HIV/AIDS is a global problem equivalent to a death sentence for the infected people who do not have access to antiretroviral therapy. Sadly, when the developed world advanced in prolonging patients’ lives with new drugs, people on the African continent were dying from various complications of immune deficiency. The disease killed millions of Africans who lived in poverty and did not know they were HIV positive (McGeary, 2001). Indeed, McGeary (2001) discusses how many women were infected by their husbands and how many children died because they contracted the virus from their mothers. The author of the article raised a critical question about the spread of this devastating disease, calling the developed world for action. When this article was written, the aid from the Western countries was minimal because pharmaceutical companies did not want to provide antiretroviral drugs at lower prices. This article presents stories of HIV/AIDS patients from various social groups, revealing the high disease prevalence in Africa.
The article commences by stating the growing infection rates that co-exist with poverty, corruption, ignorance, and sexual violence. It appears that all sexually active people are at risk of getting HIV on this continent (McGeary, 2001). One of the central problems highlighted in this article is the resistance of men to protected sexual intercourse and domestic violence that resulted in infecting women who then transmit the virus to their children during pregnancy or delivery. Indeed, the author claims that 500,000 African children were infected with HIV in 2000 (McGeary, 2001). However, this statistical data was not reliable because many people preferred to conceal their positive HIV status or did not know about it, leaving their infected children without the appropriate care. Many infants would not survive until adolescence because their immune systems collapsed, resulting in death from various latent infections otherwise controlled in a healthy organism.
The stories of AIDS patients in this article are terrifying because of the lack of hope for these people. The first story was about a young man with AIDS who developed tuberculosis and did not want to go to the hospital. Like many other patients with this disease, the man is frail, dyspneic, feverish, and afraid. The author admits that the leading cause of this problem in Africa is ignorance because the general population believes in witchcraft and conspiracy theories about HIV/AIDS (McGeary, 2001). The lack of proper understanding prevents them from acquiring a healthier sexual behavior; therefore, the disease transmission continues despite free barrier contraceptive methods provided as humanitarian aid. Moreover, the stigma about HIV/AIDS caused the marginalization of people who told their families about their illness. For example, Laetitia and her brother have AIDS, but only she admitted her diagnosis. Her mother turned away from Laetitia, her children view her as a burden, and her employers fired her. In addition to physical suffering, AIDS patients in Africa have to live with the emotional pain of rejection by their families and communities.

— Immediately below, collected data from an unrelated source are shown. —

Lemma ip_simple_coroot_gt0 (v : vec) k : (0 < k <= n)%N ->
  (0 < ip v (coroot (simple_root R n k))) = (coord v k < coord v k.-1).
Proof.
by move=> kn; rewrite ip_coroot_gt0 ?simple_root_neq0 // ip_simple_root // subr_gt0.
Qed.

End Coord.

Section Reflections.
Variables (R : realFieldType) (n : nat).
Local Notation vec := 'rV[R]_n.
Local Notation sgn s := ((-1) ^+ s : R).

Lemma ip_ev (k l : 'I_n) : ip (ev R k) (ev R l) = (k == l)%:R.
Proof. by rewrite ip_evr mxE eq_sym; case: (_ == _); rewrite ?mulr1n ?mulr0n. Qed.

Lemma ip_coroot_short (v : vec) (k : 'I_n) (s : bool) :
  ip v (coroot (sgn s *: ev R k)) = 2 * (sgn s * v 0 k).
Proof.
rewrite /coroot ipZl ipZr ipZr ip_ev eqxx mulr1n mulr1 -expr2 sqrr_sign divr1.
by rewrite ipZr ip_evr.
Qed.

Lemma ip_coroot_long (v : vec) (k l : 'I_n) (s t : bool) : k != l ->
  ip v (coroot (sgn s *: ev R k + sgn t *: ev R l)) = sgn s * v 0 k + sgn t * v 0 l.
Proof.
move=> kl; rewrite /coroot.
have -> : ip (sgn s *: ev R k + sgn t *: ev R l) (sgn s *: ev R k + sgn t *: ev R l) = 2.
  rewrite !(ipDl, ipDr, ipZl, ipZr) !ip_ev !eqxx [l == k]eq_sym (negbTE kl).
  by rewrite mulr0n mulr1n !mulr0 addr0 add0r !mulr1 -!expr2 !sqrr_sign.
by rewrite divff ?pnatr_eq0 // scale1r ipDr !ipZr !ip_evr.
Qed.

Lemma refl_short (v : vec) (k : 'I_n) (s : bool) m :
  refl (sgn s *: ev R k) v 0 m = if m == k then - v 0 k else v 0 m.
Proof.
rewrite /refl ip_coroot_short !mxE; case: eqP => [->|_]; last by rewrite !mulr0 subr0.
by rewrite mulr1 -mulrA mulrAC -expr2 sqrr_sign mul1r mulr_natl mulr2n opprD addrA subrr sub0r.
Qed.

Another contributing factor to HIV spread is promiscuity and prostitution. Men in Africa appear to have the absolute right to multiple sexual partners, leaving no power and choice to women (McGeary, 2001). Furthermore, they violently reject condom use, resulting in high transmission rates of various sexually transmitted infections, including HIV. For instance, male teachers in schools can easily infect their female students with whom they encounter sexual relationships. Indeed, promiscuity in African schools is prevalent, demonstrating that even educated people put others’ health at risk. Many women cannot find jobs; thus, some of them decide to involve in prostitution which places them at greater risk of being infected. It appears that some people in Africa are driven by their instincts and others by poverty, but the result is unfavorable for both groups.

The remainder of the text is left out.